EXERCISE BRIEF → Beginning with the line that contains "Definition dsim (p" in the material below, print each line exactly until the line that contains "G v /\ G v' /\ edge alpha v v'." has been printed, then stop.

(DATA IN THIS EXERCISE begins)

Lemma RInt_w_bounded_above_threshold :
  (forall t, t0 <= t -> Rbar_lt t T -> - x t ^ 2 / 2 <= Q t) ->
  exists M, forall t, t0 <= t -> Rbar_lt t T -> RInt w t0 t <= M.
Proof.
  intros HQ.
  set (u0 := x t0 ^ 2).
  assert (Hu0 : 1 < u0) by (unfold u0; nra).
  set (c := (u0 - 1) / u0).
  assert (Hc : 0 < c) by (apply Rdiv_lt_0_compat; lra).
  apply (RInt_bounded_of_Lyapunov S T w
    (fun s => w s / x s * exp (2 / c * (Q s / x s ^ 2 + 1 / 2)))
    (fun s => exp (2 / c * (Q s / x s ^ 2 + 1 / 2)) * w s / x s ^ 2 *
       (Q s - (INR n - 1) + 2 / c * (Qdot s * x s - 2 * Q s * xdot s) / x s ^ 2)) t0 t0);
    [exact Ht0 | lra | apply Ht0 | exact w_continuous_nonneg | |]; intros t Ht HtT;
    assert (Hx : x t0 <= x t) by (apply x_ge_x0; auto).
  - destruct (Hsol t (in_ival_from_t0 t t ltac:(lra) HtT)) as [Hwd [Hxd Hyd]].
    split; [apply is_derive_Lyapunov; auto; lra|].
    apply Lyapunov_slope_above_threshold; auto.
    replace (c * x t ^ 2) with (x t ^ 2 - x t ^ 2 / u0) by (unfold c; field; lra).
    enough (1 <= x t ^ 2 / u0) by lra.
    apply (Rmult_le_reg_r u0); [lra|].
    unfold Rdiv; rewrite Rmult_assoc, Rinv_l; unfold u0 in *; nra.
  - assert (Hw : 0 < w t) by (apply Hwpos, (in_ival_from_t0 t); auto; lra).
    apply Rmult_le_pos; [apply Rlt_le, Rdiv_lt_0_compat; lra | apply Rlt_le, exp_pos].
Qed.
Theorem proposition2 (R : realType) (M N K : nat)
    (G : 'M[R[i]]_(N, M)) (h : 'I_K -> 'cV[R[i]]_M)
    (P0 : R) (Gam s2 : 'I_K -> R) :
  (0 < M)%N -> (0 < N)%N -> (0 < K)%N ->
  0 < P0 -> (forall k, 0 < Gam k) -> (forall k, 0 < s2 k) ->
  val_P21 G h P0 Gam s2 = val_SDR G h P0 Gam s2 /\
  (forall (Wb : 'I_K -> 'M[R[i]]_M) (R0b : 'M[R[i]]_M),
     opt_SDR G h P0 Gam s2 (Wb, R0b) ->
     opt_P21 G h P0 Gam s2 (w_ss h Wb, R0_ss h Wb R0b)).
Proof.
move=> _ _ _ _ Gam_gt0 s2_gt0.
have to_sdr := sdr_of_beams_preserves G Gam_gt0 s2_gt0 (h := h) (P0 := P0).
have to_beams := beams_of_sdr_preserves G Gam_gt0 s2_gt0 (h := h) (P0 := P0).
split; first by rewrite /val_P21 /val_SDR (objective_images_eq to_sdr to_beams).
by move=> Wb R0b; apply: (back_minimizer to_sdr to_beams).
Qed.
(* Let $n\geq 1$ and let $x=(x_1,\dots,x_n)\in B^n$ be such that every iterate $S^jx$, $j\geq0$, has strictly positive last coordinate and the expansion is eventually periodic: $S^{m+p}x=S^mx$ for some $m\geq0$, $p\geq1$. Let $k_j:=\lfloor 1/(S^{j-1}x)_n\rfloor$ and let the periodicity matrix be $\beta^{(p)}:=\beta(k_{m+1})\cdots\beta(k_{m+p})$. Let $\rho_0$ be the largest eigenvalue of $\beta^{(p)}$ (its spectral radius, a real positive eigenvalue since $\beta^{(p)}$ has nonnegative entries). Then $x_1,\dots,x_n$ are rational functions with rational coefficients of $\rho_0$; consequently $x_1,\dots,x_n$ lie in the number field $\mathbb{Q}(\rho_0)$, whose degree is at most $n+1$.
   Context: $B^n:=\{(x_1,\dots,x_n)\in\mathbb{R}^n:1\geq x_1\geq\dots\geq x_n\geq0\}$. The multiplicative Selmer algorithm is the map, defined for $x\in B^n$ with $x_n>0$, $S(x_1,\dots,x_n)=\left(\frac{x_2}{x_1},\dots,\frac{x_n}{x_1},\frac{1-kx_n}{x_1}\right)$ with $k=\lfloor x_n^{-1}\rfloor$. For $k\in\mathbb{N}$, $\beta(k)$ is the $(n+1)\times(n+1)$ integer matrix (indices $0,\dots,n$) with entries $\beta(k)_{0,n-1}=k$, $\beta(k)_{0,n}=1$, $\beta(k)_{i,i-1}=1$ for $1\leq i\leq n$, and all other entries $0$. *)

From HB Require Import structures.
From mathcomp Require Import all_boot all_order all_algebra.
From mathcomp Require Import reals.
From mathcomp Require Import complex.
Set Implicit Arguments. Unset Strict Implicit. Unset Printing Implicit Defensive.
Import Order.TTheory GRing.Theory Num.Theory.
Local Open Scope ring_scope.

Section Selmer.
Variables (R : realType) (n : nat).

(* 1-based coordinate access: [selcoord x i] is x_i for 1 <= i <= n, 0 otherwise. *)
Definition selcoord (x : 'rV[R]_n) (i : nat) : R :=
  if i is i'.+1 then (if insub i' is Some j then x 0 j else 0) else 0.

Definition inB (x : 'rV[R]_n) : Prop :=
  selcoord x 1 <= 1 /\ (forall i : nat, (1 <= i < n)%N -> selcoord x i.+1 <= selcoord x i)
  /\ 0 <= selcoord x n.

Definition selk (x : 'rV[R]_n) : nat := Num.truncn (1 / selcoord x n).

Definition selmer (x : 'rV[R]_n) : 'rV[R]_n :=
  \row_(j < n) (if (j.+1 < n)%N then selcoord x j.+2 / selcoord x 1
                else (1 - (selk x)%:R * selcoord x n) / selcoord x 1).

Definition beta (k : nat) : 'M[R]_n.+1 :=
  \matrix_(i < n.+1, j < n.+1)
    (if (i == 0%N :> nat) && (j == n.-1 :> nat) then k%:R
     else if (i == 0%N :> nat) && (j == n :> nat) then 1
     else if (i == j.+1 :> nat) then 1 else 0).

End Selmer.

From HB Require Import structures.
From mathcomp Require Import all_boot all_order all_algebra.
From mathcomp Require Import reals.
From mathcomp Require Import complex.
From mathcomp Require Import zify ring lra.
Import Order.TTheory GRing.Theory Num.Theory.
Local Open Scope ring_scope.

(DATA IN THIS EXERCISE ends)
(DATA IN THIS EXERCISE begins)

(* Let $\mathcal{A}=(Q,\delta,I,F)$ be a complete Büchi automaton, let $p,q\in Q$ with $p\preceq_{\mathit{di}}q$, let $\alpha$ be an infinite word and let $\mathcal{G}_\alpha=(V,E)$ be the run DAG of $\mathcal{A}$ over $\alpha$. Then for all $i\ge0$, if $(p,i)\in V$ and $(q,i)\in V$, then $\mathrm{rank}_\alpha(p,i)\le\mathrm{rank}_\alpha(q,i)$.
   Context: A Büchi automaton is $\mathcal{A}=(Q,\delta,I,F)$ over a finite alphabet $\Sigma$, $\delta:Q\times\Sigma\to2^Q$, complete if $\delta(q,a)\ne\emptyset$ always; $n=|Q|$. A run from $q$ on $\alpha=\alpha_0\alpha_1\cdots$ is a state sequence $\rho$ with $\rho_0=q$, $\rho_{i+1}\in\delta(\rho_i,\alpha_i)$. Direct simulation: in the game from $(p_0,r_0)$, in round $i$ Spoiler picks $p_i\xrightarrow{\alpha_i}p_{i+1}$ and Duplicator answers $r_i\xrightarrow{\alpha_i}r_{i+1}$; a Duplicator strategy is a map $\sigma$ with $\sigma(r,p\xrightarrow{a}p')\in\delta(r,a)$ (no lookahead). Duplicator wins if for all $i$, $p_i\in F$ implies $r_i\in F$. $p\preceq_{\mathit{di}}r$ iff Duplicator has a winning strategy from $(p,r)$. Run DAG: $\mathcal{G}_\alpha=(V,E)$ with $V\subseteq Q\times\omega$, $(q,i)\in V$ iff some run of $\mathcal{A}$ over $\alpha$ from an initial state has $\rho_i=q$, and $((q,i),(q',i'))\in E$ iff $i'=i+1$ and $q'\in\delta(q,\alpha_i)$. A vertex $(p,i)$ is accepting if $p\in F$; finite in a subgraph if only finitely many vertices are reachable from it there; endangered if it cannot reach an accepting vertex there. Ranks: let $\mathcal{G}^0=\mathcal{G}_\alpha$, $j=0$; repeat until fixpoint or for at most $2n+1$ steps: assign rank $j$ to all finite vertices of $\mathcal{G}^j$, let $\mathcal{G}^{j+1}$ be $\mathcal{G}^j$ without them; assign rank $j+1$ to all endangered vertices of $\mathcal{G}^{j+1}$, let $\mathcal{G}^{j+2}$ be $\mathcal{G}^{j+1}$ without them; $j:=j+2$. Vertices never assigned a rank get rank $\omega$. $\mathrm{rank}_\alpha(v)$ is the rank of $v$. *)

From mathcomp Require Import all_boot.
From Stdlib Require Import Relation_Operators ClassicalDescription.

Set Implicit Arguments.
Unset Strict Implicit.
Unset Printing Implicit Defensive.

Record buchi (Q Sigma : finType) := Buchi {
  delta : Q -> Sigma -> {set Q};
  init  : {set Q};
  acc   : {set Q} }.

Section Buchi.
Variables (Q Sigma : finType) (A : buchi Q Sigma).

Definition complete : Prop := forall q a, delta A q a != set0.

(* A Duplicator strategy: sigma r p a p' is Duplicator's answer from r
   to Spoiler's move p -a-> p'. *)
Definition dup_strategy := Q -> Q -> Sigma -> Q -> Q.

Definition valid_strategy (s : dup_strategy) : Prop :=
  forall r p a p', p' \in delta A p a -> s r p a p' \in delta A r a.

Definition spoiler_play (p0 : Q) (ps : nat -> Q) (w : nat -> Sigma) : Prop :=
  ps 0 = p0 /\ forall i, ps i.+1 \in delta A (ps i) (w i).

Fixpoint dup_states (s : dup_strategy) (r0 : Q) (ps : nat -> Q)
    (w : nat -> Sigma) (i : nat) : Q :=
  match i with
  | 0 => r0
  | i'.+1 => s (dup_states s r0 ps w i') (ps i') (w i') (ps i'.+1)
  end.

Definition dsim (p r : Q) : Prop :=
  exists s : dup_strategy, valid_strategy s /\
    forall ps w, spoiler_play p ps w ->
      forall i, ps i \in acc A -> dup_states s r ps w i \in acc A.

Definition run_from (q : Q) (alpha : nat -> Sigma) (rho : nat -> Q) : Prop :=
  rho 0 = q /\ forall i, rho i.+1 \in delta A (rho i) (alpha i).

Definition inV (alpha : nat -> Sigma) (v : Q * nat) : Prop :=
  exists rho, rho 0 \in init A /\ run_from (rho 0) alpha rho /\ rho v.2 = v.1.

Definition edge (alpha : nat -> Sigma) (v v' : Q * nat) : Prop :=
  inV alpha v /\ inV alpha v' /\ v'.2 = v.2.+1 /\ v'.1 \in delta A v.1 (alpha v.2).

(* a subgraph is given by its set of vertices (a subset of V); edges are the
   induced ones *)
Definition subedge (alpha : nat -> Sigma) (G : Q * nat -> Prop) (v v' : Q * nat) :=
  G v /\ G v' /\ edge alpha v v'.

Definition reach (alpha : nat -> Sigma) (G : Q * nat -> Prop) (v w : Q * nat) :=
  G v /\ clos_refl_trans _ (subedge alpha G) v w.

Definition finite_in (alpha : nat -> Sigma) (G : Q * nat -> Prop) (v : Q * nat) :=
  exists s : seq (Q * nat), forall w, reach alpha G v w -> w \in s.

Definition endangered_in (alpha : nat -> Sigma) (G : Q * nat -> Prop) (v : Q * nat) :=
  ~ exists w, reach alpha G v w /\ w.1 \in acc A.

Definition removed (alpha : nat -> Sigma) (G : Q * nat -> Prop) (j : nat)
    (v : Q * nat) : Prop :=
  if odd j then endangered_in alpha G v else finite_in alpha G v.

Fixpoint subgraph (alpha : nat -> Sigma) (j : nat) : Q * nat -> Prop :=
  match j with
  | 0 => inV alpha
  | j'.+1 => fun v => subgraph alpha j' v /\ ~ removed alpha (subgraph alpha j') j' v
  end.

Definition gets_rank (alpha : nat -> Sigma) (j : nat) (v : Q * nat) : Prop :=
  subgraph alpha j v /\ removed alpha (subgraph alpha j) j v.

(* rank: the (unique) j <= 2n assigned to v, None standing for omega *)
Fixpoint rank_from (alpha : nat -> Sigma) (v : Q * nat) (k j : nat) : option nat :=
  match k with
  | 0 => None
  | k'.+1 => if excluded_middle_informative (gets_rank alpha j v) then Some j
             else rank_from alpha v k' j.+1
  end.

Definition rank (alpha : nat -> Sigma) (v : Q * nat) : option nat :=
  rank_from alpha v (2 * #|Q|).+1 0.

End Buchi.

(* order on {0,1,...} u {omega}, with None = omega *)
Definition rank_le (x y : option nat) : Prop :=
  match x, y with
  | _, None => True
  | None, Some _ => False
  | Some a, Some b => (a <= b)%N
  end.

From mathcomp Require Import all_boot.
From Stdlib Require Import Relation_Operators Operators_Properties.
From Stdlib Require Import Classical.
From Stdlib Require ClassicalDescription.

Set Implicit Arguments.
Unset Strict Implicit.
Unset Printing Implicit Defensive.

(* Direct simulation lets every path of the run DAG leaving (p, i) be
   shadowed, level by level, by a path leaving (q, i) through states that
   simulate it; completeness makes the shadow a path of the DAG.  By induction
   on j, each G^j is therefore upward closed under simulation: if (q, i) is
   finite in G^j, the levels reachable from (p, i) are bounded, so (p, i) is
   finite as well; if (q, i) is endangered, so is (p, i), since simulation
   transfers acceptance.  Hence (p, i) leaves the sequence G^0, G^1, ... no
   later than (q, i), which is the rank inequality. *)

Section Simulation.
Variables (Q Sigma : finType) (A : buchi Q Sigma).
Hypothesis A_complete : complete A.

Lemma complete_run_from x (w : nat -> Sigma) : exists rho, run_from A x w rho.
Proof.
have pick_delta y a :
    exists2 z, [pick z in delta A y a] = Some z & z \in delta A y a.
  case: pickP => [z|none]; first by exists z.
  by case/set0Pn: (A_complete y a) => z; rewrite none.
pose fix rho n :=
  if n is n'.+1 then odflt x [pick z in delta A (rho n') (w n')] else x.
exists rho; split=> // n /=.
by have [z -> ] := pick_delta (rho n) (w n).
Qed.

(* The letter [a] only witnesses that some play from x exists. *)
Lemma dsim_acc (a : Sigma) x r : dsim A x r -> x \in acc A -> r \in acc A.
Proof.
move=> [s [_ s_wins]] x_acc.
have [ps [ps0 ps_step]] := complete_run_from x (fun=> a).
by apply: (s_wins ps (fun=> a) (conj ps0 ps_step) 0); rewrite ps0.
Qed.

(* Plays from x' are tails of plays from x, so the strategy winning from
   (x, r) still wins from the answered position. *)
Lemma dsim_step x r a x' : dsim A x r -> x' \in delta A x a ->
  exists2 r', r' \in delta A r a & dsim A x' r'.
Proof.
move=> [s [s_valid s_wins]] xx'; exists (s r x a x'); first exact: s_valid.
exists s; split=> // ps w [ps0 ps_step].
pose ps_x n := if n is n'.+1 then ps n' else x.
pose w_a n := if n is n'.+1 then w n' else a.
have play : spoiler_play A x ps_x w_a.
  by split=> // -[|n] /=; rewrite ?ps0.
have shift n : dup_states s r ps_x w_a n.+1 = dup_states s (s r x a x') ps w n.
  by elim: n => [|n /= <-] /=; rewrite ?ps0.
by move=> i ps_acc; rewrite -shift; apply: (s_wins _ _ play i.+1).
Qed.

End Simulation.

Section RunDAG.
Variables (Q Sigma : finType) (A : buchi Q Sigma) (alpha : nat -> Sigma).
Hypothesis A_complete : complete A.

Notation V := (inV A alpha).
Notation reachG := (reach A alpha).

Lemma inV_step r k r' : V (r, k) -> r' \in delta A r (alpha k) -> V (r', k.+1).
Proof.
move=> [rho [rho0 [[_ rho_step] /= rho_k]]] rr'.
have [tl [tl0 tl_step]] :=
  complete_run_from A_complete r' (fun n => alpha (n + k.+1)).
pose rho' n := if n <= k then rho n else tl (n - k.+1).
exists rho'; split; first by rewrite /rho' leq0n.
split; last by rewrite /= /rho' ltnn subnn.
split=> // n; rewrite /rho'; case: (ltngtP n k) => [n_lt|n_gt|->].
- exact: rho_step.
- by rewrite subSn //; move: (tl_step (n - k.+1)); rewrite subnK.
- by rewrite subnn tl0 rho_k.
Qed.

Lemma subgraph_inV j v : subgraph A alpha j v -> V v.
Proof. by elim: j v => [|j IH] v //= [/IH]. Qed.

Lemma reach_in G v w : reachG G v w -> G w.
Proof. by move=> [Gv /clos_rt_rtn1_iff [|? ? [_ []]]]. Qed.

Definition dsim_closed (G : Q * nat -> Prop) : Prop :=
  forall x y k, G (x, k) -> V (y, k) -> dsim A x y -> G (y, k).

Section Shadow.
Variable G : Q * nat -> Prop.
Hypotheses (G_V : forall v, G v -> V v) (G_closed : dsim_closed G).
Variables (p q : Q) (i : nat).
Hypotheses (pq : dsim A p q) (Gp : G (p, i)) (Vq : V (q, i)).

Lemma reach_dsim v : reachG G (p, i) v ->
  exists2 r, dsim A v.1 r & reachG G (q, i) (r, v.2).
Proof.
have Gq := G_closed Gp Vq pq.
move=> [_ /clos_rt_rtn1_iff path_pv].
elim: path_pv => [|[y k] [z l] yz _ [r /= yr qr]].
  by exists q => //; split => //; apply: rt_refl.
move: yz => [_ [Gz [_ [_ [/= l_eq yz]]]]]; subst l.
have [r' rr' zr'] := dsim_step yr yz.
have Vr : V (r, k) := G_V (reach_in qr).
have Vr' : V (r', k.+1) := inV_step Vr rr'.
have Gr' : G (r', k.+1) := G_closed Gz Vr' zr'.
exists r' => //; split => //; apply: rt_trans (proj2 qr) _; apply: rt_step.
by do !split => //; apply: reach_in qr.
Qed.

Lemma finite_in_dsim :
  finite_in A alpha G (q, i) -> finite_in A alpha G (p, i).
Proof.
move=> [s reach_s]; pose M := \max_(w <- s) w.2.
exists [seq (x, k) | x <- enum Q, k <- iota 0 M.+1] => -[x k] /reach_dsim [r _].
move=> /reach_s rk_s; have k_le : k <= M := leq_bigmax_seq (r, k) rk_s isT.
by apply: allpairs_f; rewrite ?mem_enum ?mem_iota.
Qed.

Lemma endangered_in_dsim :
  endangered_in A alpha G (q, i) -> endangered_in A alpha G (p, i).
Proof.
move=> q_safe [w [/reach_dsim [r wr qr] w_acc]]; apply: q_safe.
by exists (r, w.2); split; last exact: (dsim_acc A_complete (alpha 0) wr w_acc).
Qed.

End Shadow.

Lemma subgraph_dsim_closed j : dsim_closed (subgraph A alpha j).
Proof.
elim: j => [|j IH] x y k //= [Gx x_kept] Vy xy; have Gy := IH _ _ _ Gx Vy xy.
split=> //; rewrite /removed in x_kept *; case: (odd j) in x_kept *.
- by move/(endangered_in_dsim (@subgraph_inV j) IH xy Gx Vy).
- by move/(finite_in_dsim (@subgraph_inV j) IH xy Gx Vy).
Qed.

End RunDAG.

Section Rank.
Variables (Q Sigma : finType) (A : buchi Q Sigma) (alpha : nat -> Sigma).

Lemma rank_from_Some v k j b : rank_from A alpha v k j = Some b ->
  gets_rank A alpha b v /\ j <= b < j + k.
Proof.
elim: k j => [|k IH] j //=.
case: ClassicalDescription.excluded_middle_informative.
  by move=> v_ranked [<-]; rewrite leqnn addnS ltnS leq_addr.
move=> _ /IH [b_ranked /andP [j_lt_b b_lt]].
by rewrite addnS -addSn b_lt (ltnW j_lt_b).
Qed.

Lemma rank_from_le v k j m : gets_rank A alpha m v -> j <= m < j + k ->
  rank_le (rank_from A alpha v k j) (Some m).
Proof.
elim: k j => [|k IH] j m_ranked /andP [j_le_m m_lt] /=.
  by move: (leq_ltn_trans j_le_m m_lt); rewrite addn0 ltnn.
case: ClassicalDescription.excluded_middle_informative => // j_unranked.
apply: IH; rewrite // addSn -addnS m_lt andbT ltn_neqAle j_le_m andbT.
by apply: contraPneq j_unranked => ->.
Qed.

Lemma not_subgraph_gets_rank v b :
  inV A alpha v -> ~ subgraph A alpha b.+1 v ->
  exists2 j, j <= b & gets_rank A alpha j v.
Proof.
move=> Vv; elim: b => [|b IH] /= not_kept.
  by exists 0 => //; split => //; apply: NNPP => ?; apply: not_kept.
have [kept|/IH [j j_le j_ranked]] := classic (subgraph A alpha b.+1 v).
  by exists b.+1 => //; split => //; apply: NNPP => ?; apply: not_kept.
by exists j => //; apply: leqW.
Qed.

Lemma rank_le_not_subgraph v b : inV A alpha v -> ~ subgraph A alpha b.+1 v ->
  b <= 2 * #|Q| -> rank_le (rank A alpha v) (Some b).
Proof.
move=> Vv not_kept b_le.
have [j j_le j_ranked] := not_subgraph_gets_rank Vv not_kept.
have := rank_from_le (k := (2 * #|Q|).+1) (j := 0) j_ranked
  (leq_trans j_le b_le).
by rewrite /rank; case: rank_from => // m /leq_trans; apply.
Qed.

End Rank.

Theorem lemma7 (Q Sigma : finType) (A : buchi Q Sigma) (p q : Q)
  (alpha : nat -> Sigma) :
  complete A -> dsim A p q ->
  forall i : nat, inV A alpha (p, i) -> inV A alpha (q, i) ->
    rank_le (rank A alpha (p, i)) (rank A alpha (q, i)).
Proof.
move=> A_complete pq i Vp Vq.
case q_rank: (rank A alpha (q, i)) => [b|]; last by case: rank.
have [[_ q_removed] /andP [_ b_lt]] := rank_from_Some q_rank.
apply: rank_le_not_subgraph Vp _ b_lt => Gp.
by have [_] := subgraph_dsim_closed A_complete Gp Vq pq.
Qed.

(DATA IN THIS EXERCISE ends)
(DATA IN THIS EXERCISE begins)

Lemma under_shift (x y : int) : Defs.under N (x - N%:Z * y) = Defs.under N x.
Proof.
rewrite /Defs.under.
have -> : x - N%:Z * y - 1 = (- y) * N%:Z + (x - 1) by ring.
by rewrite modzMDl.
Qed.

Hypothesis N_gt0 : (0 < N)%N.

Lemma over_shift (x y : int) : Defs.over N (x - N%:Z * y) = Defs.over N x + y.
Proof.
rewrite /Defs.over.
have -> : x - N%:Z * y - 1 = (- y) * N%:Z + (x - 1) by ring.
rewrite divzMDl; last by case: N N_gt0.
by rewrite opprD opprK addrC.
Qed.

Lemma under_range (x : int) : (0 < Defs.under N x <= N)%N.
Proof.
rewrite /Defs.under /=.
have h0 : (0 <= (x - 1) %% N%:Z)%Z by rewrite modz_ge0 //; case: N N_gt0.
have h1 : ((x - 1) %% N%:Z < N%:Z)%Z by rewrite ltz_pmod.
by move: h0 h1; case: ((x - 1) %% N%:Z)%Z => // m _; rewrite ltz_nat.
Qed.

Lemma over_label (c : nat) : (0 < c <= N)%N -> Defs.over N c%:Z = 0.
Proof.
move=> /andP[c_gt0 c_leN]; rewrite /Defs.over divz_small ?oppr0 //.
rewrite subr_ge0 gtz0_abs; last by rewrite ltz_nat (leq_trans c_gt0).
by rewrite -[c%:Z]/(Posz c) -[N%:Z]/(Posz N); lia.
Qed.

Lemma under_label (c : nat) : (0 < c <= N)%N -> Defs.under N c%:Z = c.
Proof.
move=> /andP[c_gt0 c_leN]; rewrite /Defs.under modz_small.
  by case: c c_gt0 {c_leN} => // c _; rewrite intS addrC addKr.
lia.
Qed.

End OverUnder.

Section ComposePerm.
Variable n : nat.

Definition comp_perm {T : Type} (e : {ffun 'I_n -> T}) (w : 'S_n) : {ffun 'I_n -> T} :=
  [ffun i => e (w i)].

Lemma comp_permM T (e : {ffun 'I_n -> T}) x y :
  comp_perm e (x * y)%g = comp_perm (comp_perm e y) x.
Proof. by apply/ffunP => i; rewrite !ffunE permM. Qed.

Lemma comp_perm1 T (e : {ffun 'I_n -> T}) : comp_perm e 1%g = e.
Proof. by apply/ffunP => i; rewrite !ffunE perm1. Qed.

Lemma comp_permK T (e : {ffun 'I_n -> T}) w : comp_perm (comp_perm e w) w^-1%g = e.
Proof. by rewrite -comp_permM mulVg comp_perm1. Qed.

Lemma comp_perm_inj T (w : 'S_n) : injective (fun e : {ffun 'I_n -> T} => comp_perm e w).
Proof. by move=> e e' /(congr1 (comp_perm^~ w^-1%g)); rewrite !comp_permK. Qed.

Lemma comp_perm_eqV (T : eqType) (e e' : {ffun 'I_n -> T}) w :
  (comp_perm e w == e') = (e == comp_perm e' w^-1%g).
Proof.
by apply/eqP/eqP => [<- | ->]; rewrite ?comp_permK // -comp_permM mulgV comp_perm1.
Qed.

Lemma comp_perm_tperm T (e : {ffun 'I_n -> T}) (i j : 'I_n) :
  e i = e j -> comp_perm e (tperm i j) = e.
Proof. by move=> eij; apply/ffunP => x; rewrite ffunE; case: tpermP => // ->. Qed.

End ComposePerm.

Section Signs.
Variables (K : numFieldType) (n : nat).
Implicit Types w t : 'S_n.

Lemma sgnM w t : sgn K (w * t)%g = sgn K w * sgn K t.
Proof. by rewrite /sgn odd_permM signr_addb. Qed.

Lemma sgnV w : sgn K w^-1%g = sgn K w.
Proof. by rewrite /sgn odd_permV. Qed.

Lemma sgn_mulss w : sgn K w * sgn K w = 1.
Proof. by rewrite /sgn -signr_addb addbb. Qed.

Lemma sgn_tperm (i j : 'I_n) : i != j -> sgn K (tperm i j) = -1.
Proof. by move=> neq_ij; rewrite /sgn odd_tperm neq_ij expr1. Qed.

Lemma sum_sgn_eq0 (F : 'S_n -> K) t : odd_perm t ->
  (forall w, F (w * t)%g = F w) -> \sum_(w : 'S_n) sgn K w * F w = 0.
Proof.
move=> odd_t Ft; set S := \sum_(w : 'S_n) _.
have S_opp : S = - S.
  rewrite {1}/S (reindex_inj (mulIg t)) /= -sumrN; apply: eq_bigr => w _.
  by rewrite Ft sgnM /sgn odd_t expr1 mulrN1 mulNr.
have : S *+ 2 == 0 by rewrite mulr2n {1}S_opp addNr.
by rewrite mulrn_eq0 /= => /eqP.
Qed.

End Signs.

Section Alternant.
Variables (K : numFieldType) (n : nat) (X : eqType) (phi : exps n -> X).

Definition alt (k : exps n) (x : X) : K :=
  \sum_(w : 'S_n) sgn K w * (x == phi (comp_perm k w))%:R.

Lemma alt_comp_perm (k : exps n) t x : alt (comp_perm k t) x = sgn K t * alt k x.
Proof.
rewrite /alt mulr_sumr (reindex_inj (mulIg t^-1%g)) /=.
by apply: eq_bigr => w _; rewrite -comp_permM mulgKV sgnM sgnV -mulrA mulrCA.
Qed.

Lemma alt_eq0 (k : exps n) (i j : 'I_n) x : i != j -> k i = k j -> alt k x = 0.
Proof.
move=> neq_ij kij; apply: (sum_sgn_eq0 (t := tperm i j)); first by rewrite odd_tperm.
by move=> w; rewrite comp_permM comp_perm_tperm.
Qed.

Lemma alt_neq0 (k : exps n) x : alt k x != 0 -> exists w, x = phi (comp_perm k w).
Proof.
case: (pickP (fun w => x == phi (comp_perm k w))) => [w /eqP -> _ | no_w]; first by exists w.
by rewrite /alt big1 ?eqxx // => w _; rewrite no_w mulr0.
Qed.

(DATA IN THIS EXERCISE ends)

ANSWER SECTION →
Definition dsim (p r : Q) : Prop :=
  exists s : dup_strategy, valid_strategy s /\
    forall ps w, spoiler_play p ps w ->
      forall i, ps i \in acc A -> dup_states s r ps w i \in acc A.

Definition run_from (q : Q) (alpha : nat -> Sigma) (rho : nat -> Q) : Prop :=
  rho 0 = q /\ forall i, rho i.+1 \in delta A (rho i) (alpha i).

Definition inV (alpha : nat -> Sigma) (v : Q * nat) : Prop :=
  exists rho, rho 0 \in init A /\ run_from (rho 0) alpha rho /\ rho v.2 = v.1.

Definition edge (alpha : nat -> Sigma) (v v' : Q * nat) : Prop :=
  inV alpha v /\ inV alpha v' /\ v'.2 = v.2.+1 /\ v'.1 \in delta A v.1 (alpha v.2).

(* a subgraph is given by its set of vertices (a subset of V); edges are the
   induced ones *)
Definition subedge (alpha : nat -> Sigma) (G : Q * nat -> Prop) (v v' : Q * nat) :=
  G v /\ G v' /\ edge alpha v v'.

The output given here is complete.